### **Rhyme Analysis of Virgil's *The Æneid* in English translation** 
#### Bronwyn Bowles-King
bronwynbowlesking@gmail.com

This code is described in two articles published on Medium. See: https://medium.com/@bronwynbowlesking

### **Part 1**
#### Step 0: Load packages

In [None]:
import re
import string
import csv
import unicodedata
import pandas as pd
import matplotlib.pyplot as plt
from nltk.corpus import cmudict
import ast
from itertools import islice
from wordcloud import WordCloud
import pickle
from collections import Counter

#### Step 1: Define functions to clean and prepare the text file 

1.1 Cleaning function

In [None]:
def clean_line(line):
    # Normalise Unicode (NFKC)
    line = unicodedata.normalize('NFKC', line.strip())
    
    # Replace Æ and æ with ae 
    line = re.sub(r'[Ææ]', 'ae', line, flags=re.IGNORECASE)
    
    # Replace problematic symbols and split hyphenated words into two
    line = re.sub(r'[\u2010-\u2015\u2212]', '-', line)
    line = re.sub(r'(?<=\w)-(?=\w)', ' ', line)
    
    # Remove any remaining non-ASCII characters
    line = line.encode('ascii', 'ignore').decode('ascii')
    
    # Remove punctuation, digits, and special dashes
    line = re.sub(
        fr"[{re.escape(string.punctuation + string.digits)}\u2010-\u2015]", 
        '', 
        line
    )
    
    # Collapse whitespace, lowercase all text, and run a final strip for trailing space
    return re.sub(r'\s+', ' ', line).lower().strip()

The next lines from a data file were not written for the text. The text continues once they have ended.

(* For all $n\ge2$, each of the four sets $S_n(I,J)$, $S_n(K,J)$, $S_n(J,I)$, $S_n(J,K)$ is mapped into itself by $T_3$.
   Context: A twisted $n$-gon is a map $P:\mathbb{Z}\to\mathbb{RP}^2$ with every three consecutive points non-collinear and $P_{i+n}=M(P_i)$ for a fixed $M\in\mathrm{PGL}_3(\mathbb{R})$; $\mathcal{P}_n$ is the set of classes modulo projective equivalence. $P$ is $3$-nice if $P_i,P_{i+1},P_{i+3},P_{i+4}$ are in general position for all $i$. $T_3(P)=P'$ with $P'_i=P_iP_{i+3}\cap P_{i+1}P_{i+4}$ (lines through the indicated points); it acts on classes of $3$-nice twisted $n$-gons. Inverse cross ratio: for four collinear points $A,B,C,D$, map their line projectively to the $x$-axis with coordinates $a,b,c,d$ and set $\chi(A,B,C,D)=\frac{(a-b)(c-d)}{(a-c)(b-d)}$ (value in $\mathbb{R}\cup\{\infty\}$, projectively invariant). Corner invariants: $x_{2i}=\chi(P_{i-2},P_{i-1},P_{i-2}P_{i-1}\cap P_iP_{i+1},P_{i-2}P_{i-1}\cap P_{i+1}P_{i+2})$ and $x_{2i+1}=\chi(P_{i+2},P_{i+1},P_{i+2}P_{i+1}\cap P_iP_{i-1},P_{i+2}P_{i+1}\cap P_{i-1}P_{i-2})$, with $x_{j+2n}=x_j$. Let $I=(-\infty,0)$, $J=(0,1)$, $K=(1,\infty)$. $S_n(I,J)$ is the set of $[P]\in\mathcal{P}_n$ whose corner invariants satisfy $(x_{2i},x_{2i+1})\in I\times J$ for all $i$; $S_n(K,J)$, $S_n(J,I)$, $S_n(J,K)$ are defined in the same way with $K\times J$, $J\times I$, $J\times K$. (Elements of these sets are automatically $3$-nice.) *)

From HB Require Import structures.
From mathcomp Require Import all_boot all_order all_algebra.
From mathcomp Require Import reals.
Set Implicit Arguments. Unset Strict Implicit. Unset Printing Implicit Defensive.
Import Order.TTheory GRing.Theory Num.Theory.
Local Open Scope ring_scope.

Section Defs.
Variable R : realType.

(* Points of RP^2 (and lines of the dual plane) are represented by homogeneous
   coordinate row vectors in R^3; a genuine point is a nonzero vector. *)
Notation vec := 'rV[R]_3.

Definition c0 : 'I_3 := @Ordinal 3 0 isT.
Definition c1 : 'I_3 := @Ordinal 3 1 isT.
Definition c2 : 'I_3 := @Ordinal 3 2 isT.

Definition cross (u v : vec) : vec :=
  \row_(k < 3) [:: u 0 c1 * v 0 c2 - u 0 c2 * v 0 c1;
                   u 0 c2 * v 0 c0 - u 0 c0 * v 0 c2;
                   u 0 c0 * v 0 c1 - u 0 c1 * v 0 c0]`_k.

Definition dot (u v : vec) : R := \sum_(k < 3) u 0 k * v 0 k.

Definition line (X Y : vec) : vec := cross X Y.
Definition meet (L1 L2 : vec) : vec := cross L1 L2.

Definition det3 (u v w : vec) : R :=
  \det (\matrix_(i < 3, j < 3) [:: u 0 j; v 0 j; w 0 j]`_i).

Definition noncollinear (u v w : vec) : Prop := det3 u v w != 0.

(* Inverse cross ratio chi(A,B,C,D) = (a-b)(c-d)/((a-c)(b-d)) of four
   collinear points.  In homogeneous coordinates on the line, (a - b) is
   [A,B]/(t_A t_B) with [A,B] the 2x2 bracket, so chi = [A,B][C,D]/([A,C][B,D]);
   for collinear A,B,C,D one has cross X Y = [X,Y] n for a fixed normal
   vector n, hence chi = <AxB, CxD> / <AxC, BxD>.  We record it as a
   numerator/denominator pair (a point of R u {oo}). *)
Definition chi_num (A B C D : vec) : R := dot (cross A B) (cross C D).
Definition chi_den (A B C D : vec) : R := dot (cross A C) (cross B D).

Definition chi_in (X : interval R) (A B C D : vec) : Prop :=
  chi_den A B C D != 0 /\ chi_num A B C D / chi_den A B C D \in X.

Definition twisted_ngon (n : nat) (M : 'M[R]_3) (P : int -> vec) : Prop :=
  M \in unitmx /\
  (forall i : int, noncollinear (P i) (P (i + 1)) (P (i + 2))) /\
  (forall i : int, exists c : R, c != 0 /\ P (i + n%:Z) = c *: (P i *m M)).

Definition three_nice (P : int -> vec) : Prop :=
  forall i : int,
    [/\ noncollinear (P i) (P (i + 1)) (P (i + 3)),
        noncollinear (P i) (P (i + 1)) (P (i + 4)),
        noncollinear (P i) (P (i + 3)) (P (i + 4)) &
        noncollinear (P (i + 1)) (P (i + 3)) (P (i + 4))].

Definition T3 (P : int -> vec) : int -> vec :=
  fun i => meet (line (P i) (P (i + 3))) (line (P (i + 1)) (P (i + 4))).

(* Corner invariants x_{2i} and x_{2i+1}: "x_{2i} in X" and "x_{2i+1} in X". *)
Definition x_even_in (X : interval R) (P : int -> vec) (i : int) : Prop :=
  chi_in X (P (i - 2)) (P (i - 1))
    (meet (line (P (i - 2)) (P (i - 1))) (line (P i) (P (i + 1))))
    (meet (line (P (i - 2)) (P (i - 1))) (line (P (i + 1)) (P (i + 2)))).

Definition x_odd_in (X : interval R) (P : int -> vec) (i : int) : Prop :=
  chi_in X (P (i + 2)) (P (i + 1))
    (meet (line (P (i + 2)) (P (i + 1))) (line (P i) (P (i - 1))))
    (meet (line (P (i + 2)) (P (i + 1))) (line (P (i - 1)) (P (i - 2)))).

Definition Iint : interval R := `]-oo, 0[.
Definition Jint : interval R := `]0, 1[.
Definition Kint : interval R := `]1, +oo[.

(* [P] \in S_n(X,Y) for a representative P of the class. *)
Definition in_S (n : nat) (X Y : interval R) (P : int -> vec) : Prop :=
  (exists M : 'M[R]_3, twisted_ngon n M P) /\
  (forall i : int, x_even_in X P i /\ x_odd_in Y P i).

(* T_3 maps S_n(X,Y) into itself (on representatives, the corner
   invariants being projective invariants). *)
Definition T3_preserves (n : nat) (X Y : interval R) : Prop :=
  forall (M : 'M[R]_3) (P : int -> vec),
    twisted_ngon n M P -> in_S n X Y P ->
    three_nice P /\ twisted_ngon n M (T3 P) /\ in_S n X Y (T3 P).

End Defs.

From mathcomp Require Import all_boot all_order all_algebra.
From mathcomp Require Import reals.
From mathcomp Require Import ring lra zify.
From Stdlib Require Import Lia.
Set Implicit Arguments. Unset Strict Implicit. Unset Printing Implicit Defensive.
Import Order.TTheory GRing.Theory Num.Theory.
Local Open Scope ring_scope.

1.2 Function to split text into books and store this as metadata for future reference

In [None]:
def preprocess_poem(file_path):
    books = []
    current_book = {'name': '', 'start': 0, 'end': 0}
    cleaned_lines = []
    
    with open(file_path, 'r', encoding='utf-8') as f:
        for idx, line in enumerate(f):
            cleaned = clean_line(line)
            original = line.strip()
            
            if original.lower().startswith('book'):
                if current_book['name']:
                    current_book['end'] = len(cleaned_lines) - 1
                    books.append(current_book)
                current_book = {'name': original, 'start': len(cleaned_lines)}
            
            if cleaned:
                cleaned_lines.append(cleaned)
    
    if current_book['name']:
        current_book['end'] = len(cleaned_lines) - 1
        books.append(current_book)
    
    return cleaned_lines, books

1.3 Run the preprocessing functions

In [None]:
file_path = r'your/file/pathway/The_Aeneid.txt'

cleaned_lines, books = preprocess_poem(file_path)

# Save cleaned lines to a new file
output_file_path = r'cleaned_Aeneid.txt'
with open(output_file_path, 'w', encoding='utf-8') as f:
    f.write("\n".join(cleaned_lines))

#### Step 2: Define the functions needed for rhyme analysis


2.1 Define a function to create a pronunciation dictionary

In [None]:
# Load the CMU Pronouncing Dictionary
pronunciation_dict = cmudict.dict()

def get_all_pronunciations(word):
    # Returns list of lists of pronunciations for a word and if a word is not found in the dictionary, it returns an empty list
    return pronunciation_dict.get(word.lower().strip('.,!?;:"\'()-'), [])

2.1.1 Check if the dictionary has loaded and for target words

In [None]:
words = ["mind"]
for w in words:
    print(f"{w}: {pronunciation_dict.get(w.lower())}")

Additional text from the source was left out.